(* Let $\mathcal{C}$ be a Conway category and let $\mathbf{Q}$ be a finite automaton. If $\mathcal{C}$ satisfies the identity $\Gamma(\mathbf{Q})$ associated with $\mathbf{Q}$, then $\mathcal{C}$ satisfies the group identity $\Gamma(G)$ for every finite simple group $G$ that divides the monoid $M(\mathbf{Q})$.
   Context: Cartesian categories have chosen finite products (terminal object $T$, projections $\pi_i$, tupling $\langle\cdot\rangle$, $!_A:A\to T$, $f\times g$), strictly associative; composition is written $g\circ f$; $\Delta_{A^n}=\langle 1_A,\ldots,1_A\rangle:A\to A^n$. A dagger operation maps $f:A\times C\to A$ to $f^\dagger:C\to A$. A Conway category is a cartesian category with dagger satisfying: $(f\circ(1_A\times g))^\dagger=f^\dagger\circ g$ ($f:A\times B\to A$, $g:C\to B$); $f^{\dagger\dagger}=(f\circ(\Delta_{A^2}\times 1_C))^\dagger$ ($f:A\times A\times C\to A$); $(f\circ\langle g,\pi_2^{A\times C}\rangle)^\dagger=f\circ\langle (g\circ\langle f,\pi_2^{B\times C}\rangle)^\dagger,1_C\rangle$ ($f:B\times C\to A$, $g:A\times C\to B$). A finite automaton $\mathbf{Q}=(Q,Z,\cdot)$ has finite nonempty state set $Q$, finite nonempty input alphabet $Z$ and action $Q\times Z\to Q$, extended to words; $M(\mathbf{Q})$ is the monoid of functions $Q\to Q$, $q\mapsto qu$, induced by words $u\in Z^*$. Write $Q=\{q_1,\ldots,q_n\}$, identified with $\{1,\ldots,n\}$, and $Z=\{a_1,\ldots,a_m\}$. For an object $A$ and $i\in[n]$ let $\rho_i^{\mathbf{Q},A}=\langle\pi^{A^n}_{ia_1},\ldots,\pi^{A^n}_{ia_m}\rangle:A^n\to A^m$ (here $ia_j$ is the index of the state $q_i\cdot a_j$). For $f:A^m\times C\to A$ let $f^{\mathbf{Q},A}:A^n\times C\to A^n$ be the morphism with $\pi_i^{A^n}\circ f^{\mathbf{Q},A}=f\circ(\rho_i^{\mathbf{Q},A}\times 1_C)$ for all $i$. The identity $\Gamma(\mathbf{Q})$ holds in $\mathcal{C}$ if $(f^{\mathbf{Q},A})^\dagger=\Delta_{A^n}\circ(f\circ(\Delta_{A^m}\times 1_C))^\dagger$ for all objects $A,C$ and all $f:A^m\times C\to A$. For a finite group (or monoid) $G$, $\Gamma(G)$ is the identity $\Gamma$ of the automaton $(G,G,\cdot)$ whose action is multiplication. A group in a finite monoid $M$ is a subsemigroup of $M$ which is a group (its unit may be any idempotent); a finite group $G$ divides $M$ if it is a homomorphic image of a group in $M$. A finite group is simple if it is nontrivial and has no normal subgroups other than itself and the trivial one. *)

From mathcomp Require Import all_boot all_fingroup all_solvable.
Set Implicit Arguments.
Unset Strict Implicit.
Unset Printing Implicit Defensive.

(* Hom-sets are types, equality of morphisms is Leibniz equality.      *)
(* Binary products are not strictly associative; iterated products are *)
(* always right-nested: A x B x C := A x (B x C).      *)
Record CartCat := {
  obj :> Type;
  hom : obj -> obj -> Type;
  idm : forall A, hom A A;
  comp : forall A B C, hom B C -> hom A B -> hom A C;
  term : obj;
  bang : forall A, hom A term;
  prod : obj -> obj -> obj;
  p1 : forall A B, hom (prod A B) A;
  p2 : forall A B, hom (prod A B) B;
  pair : forall A B X, hom X A -> hom X B -> hom X (prod A B);
  compA : forall A B C D (h : hom C D) (g : hom B C) (f : hom A B),
      comp h (comp g f) = comp (comp h g) f;
  comp1m : forall A B (f : hom A B), comp (idm B) f = f;
  compm1 : forall A B (f : hom A B), comp f (idm A) = f;
  bang_uniq : forall A (f : hom A term), f = bang A;
  p1_pair : forall A B X (f : hom X A) (g : hom X B), comp (p1 A B) (pair f g) = f;
  p2_pair : forall A B X (f : hom X A) (g : hom X B), comp (p2 A B) (pair f g) = g;
  pair_uniq : forall A B X (h : hom X (prod A B)),
      pair (comp (p1 A B) h) (comp (p2 A B) h) = h
}.

Arguments hom {c} _ _.
Arguments idm {c} A.
Arguments comp {c A B C} _ _.
Arguments term {c}.
Arguments bang {c} A.
Arguments prod {c} _ _.
Arguments p1 {c} A B.
Arguments p2 {c} A B.
Arguments pair {c A B X} _ _.

Lemma ord_0_False : 'I_0 -> False.
Proof. by case. Qed.

Section CartOps.
Variable K : CartCat.

Definition pmap (A B A' B' : K) (f : hom A A') (g : hom B B') :
    hom (prod A B) (prod A' B') :=
  pair (comp f (p1 A B)) (comp g (p2 A B)).

Variable A : K.

Fixpoint pow (n : nat) : K :=
  match n with
  | 0 => term
  | S k => match k with 0 => A | S _ => prod A (pow k) end
  end.

Fixpoint projn (n : nat) : 'I_n -> hom (pow n) A :=
  match n return 'I_n -> hom (pow n) A with
  | 0 => fun i => False_rect _ (ord_0_False i)
  | S k => fun i =>
     (match k as k0 return ('I_k0 -> hom (pow k0) A) -> 'I_k0.+1 -> hom (pow k0.+1) A with
      | 0 => fun _ _ => idm A
      | S j => fun r i =>
          match unlift ord0 i with
          | None => p1 A (pow j.+1)
          | Some i' => comp (r i') (p2 A (pow j.+1))
          end
      end) (@projn k) i
  end.

Fixpoint tuplen (X : K) (n : nat) : ('I_n -> hom X A) -> hom X (pow n) :=
  match n return ('I_n -> hom X A) -> hom X (pow n) with
  | 0 => fun _ => bang X
  | S k => fun fs =>
     (match k as k0 return (('I_k0 -> hom X A) -> hom X (pow k0)) ->
                           ('I_k0.+1 -> hom X A) -> hom X (pow k0.+1) with
      | 0 => fun _ fs => fs ord0
      | S j => fun r fs => pair (fs ord0) (r (fun i => fs (lift ord0 i)))
      end) (@tuplen X k) fs
  end.

Definition diag (n : nat) : hom A (pow n) := @tuplen A n (fun _ => idm A).

End CartOps.

Record ConwayCat := {
  ccat :> CartCat;
  dagger : forall (A C : ccat), hom (prod A C) A -> hom C A;
  dagger_param : forall (A B C : ccat) (f : hom (prod A B) A) (g : hom C B),
      dagger (comp f (pmap (idm A) g)) = comp (dagger f) g;
  (* double dagger identity; A x A x C = A x (A x C),
     Delta_{A^2} x 1_C becomes <pi_1, <pi_1, pi_2>> : A x C -> A x (A x C) *)
  dagger_double : forall (A C : ccat) (f : hom (prod A (prod A C)) A),
      dagger (dagger f) =
      dagger (comp f (pair (p1 A C) (pair (p1 A C) (p2 A C))));
  dagger_comp : forall (A B C : ccat) (f : hom (prod B C) A) (g : hom (prod A C) B),
      dagger (comp f (pair g (p2 A C))) =
      comp f (pair (dagger (comp g (pair f (p2 B C)))) (idm C))
}.

Arguments dagger {c A C} _.

Record automaton := Automaton {
  state : finType;
  input : finType;
  act : state -> input -> state
}.

(* the identity Gamma(Q); states q_1..q_n and inputs a_1..a_m are
   enumerated by the canonical enumerations of the finite types *)
Section Gamma.
Variables (K : ConwayCat) (Q : automaton).

Definition nQ := #|state Q|.
Definition mQ := #|input Q|.

Definition st_of (i : 'I_nQ) : state Q := enum_val i.
Definition in_of (j : 'I_mQ) : input Q := enum_val j.
Definition st_idx (q : state Q) : 'I_nQ := enum_rank q.

Definition rho (A : K) (i : 'I_nQ) : hom (pow A nQ) (pow A mQ) :=
  @tuplen K A (pow A nQ) mQ
    (fun j : 'I_mQ => @projn K A nQ (st_idx (act (st_of i) (in_of j)))).

Definition fQ (A C : K) (f : hom (prod (pow A mQ) C) A) :
    hom (prod (pow A nQ) C) (pow A nQ) :=
  @tuplen K A (prod (pow A nQ) C) nQ (fun i : 'I_nQ => comp f (pmap (rho A i) (idm C))).

Definition Gamma : Prop :=
  forall (A C : K) (f : hom (prod (pow A mQ) C) A),
    dagger (fQ f) = comp (@diag K A nQ) (dagger (comp f (pmap (@diag K A mQ) (idm C)))).
End Gamma.

Section Monoid.
Variable Q : automaton.

Definition word_fun (u : seq (input Q)) : {ffun state Q -> state Q} :=
  [ffun q => foldl (@act Q) q u].

Definition inM (f : {ffun state Q -> state Q}) : Prop :=
  exists u : seq (input Q), f = word_fun u.

(* product in M(Q): f_u * f_v = f_{uv}, i.e. first f then g *)
Definition mulT (f g : {ffun state Q -> state Q}) : {ffun state Q -> state Q} :=
  [ffun q => g (f q)].

Definition group_in_M (H : {set {ffun state Q -> state Q}})
    (e : {ffun state Q -> state Q}) : Prop :=
  [/\ forall x, x \in H -> inM x,
      e \in H,
      forall x y, x \in H -> y \in H -> mulT x y \in H,
      forall x, x \in H -> mulT e x = x /\ mulT x e = x
    & forall x, x \in H -> exists2 y, y \in H & mulT x y = e /\ mulT y x = e].

Definition divides_M (G : finGroupType) : Prop :=
  exists (H : {set {ffun state Q -> state Q}}) (e : {ffun state Q -> state Q})
         (phi : {ffun state Q -> state Q} -> G),
    [/\ group_in_M H e,
        forall x y, x \in H -> y \in H -> phi (mulT x y) = (phi x * phi y)%g
      & forall g : G, exists2 x, x \in H & phi x = g].
End Monoid.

[Directions for this task] Every line that holds the word "types" should be copied from the records above.

[Written solution]
(* Hom-sets are types, equality of morphisms is Leibniz equality.      *)
   enumerated by the canonical enumerations of the finite types *)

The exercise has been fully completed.